As an older adult, there are special considerations to take into account if you want to lose weight. Your lifestyle may have changed over the past several years, you may be living alone and you may have medical issues to consider. Your first step should be to discuss your weight loss goals with your physician.

Next, come up with a healthy plan to improve your eating and exercise regime. I spoke with Dr. Mike Moreno, M.D., best selling author of The 17 Day Diet and The 17 Day Plan to Stop Aging. The practicing family physician talked about simple steps that seniors can take to lose weight and get healthy.

Healthy Diet Advice for Seniors

It’s typical for older adults to have less of an appetite as they age, says Moreno. This often occurs, he says, because people become more sedentary and it becomes harder to stimulate hunger. For this reason, Moreno suggests that a healthy diet for seniors should consist of smaller more frequent meals.

Moreno also suggests that seniors be especially careful to achieve a diet that is nutritionally balanced but provides plenty of protein. For most adults, this means including a source of lean protein at every meal. Sources of protein might include eggs, egg whites, fish, chicken, turkey, and lean cuts of meat.

Fiber is another essential component of a healthy diet for seniors, says Moreno. Fiber helps to regulate digestion, prevents constipation, and may help with weight loss. The Harvard School of Public Health recommends that men over the age of 51 should consume 30 grams of fiber each day, while a woman aged 51 and over should get 21 grams of fiber. Good sources of fiber include raw fruits and vegetables, whole grains and legumes.
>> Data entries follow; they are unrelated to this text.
Lemma eJ_not_injective s t : s < n -> 0 < t < c s -> ~ injective_mod n c (eJ K c s t).
Proof.
move=> lt_sn t_range; have [lt_ab lt_bn le_start] := eJ_support lt_sn t_range.
by rewrite eJ_uniserial; [apply: uniserial_sub_not_injective | ]; lia.
Qed.

End Kupisch.

Theorem mainTheorem7 (K : fieldType) (n : nat) (c : nat -> nat)
  (* Kupisch series of a (connected) linear Nakayama algebra *)
  (hlast : c n.-1 = 1%N)
  (hge2 : forall i, (i < n.-1)%N -> (2 <= c i)%N)
  (hkup : forall i, (i < n.-1)%N -> (c i <= (c i.+1).+1)%N)
  (s t : nat) (hs : (s <= n - 2)%N) (ht1 : (1 <= t)%N) (ht2 : (t <= c s - 1)%N) :
  (idim_le n c 1 (eJ K c s t) <->
     dinj c (s + c s - 1) - c s + t = dinj c (s + t - 1))
  /\ (dinj c (s + c s - 1) - c s + t = dinj c (s + t - 1) ->
        ~ idim_le n c 0 (eJ K c s t))
  /\ (idim_le n c 1 (eJ K c s 1) <->
        dinj c (s + c s - 1) - c s + 1 = dinj c s).
Proof.
have c_pos i : i < n -> 0 < c i.
  move=> lt_in; have [/hge2|le_last] := ltnP i n.-1; first by lia.
  by rewrite (_ : i = n.-1) ?hlast; lia.
have lt_sn : s < n.
  by rewrite ltnNge; apply/negP => le_ns; move: ht2; rewrite (_ : s = n.-1) ?hlast; lia.
have t_range : 0 < t < c s by lia.
split; first exact: eJ_idim_le1.
split; first by move=> _; exact: eJ_not_injective.
have one_range : 0 < 1 < c s by lia.
by have := eJ_idim_le1 K c_pos hlast hkup lt_sn one_range; rewrite addnK.
Qed.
In addition, Moreno provides these tips for seniors who want to improve their diet:

  • Stay hydrated! Water is imperative for maintaining your energy and feeling good throughout the day.
  • If necessary, use supplemental products such as Ensure to help maintain a schedule of regular balanced meals.
  • Try not to eat by yourself. Find friends and family to share in meals.
  • Add exercise to your regular routine to help stimulate hunger.

Healthy Exercise Advice for Seniors

If you haven’t been active for most of your life, trying to start an exercise program in your senior years may seem overwhelming. But Moreno suggests that you focus on what you can do, not on what you can’t do. “Start simple,” he says. "Walking, for example, gives you every exercise benefit that you need."

To make the walking experience more enjoyable, Moreno suggests walking on flat ground (no hills), and finding walking partners to make the experience more social and pleasant. But if walking is too stressful on your joints, Moreno suggests swimming or performing stretching exercises in a seated position. “Do what you can to move your joints every day,” he says.

Best Tips to Prevent Aging

Even if you don’t consider yourself a senior just yet, you are still aging. “We start aging when we are born,” says Moreno. So anyone can take simple steps to look and feel better as the years tick by. Dr. Moreno’s book, The 17 Day Plan to Stop Aging, details easy changes that you can make - and any stage of your life - to turn back the hands of time.

His best tips for aging well? Moreno suggests these three steps to feel better and get healthy:

  • Maintain a healthy weight. Your weight plays a key role in controlling the factors of aging. Get to a healthy number on the scale and stay there.
  • Stay hydrated with water. Your body is craving it more than you realize. Water is critical to maintaining your energy level and good daily health.
  • Move more. Find an activity that you like and that helps you to maintain a daily movement schedule and stick with it.

Small changes can have a big impact. Try a few of these healthy changes to improve your health and well being.

Sources:

Mike Moreno, M.D.. Interview. September 14, 2012.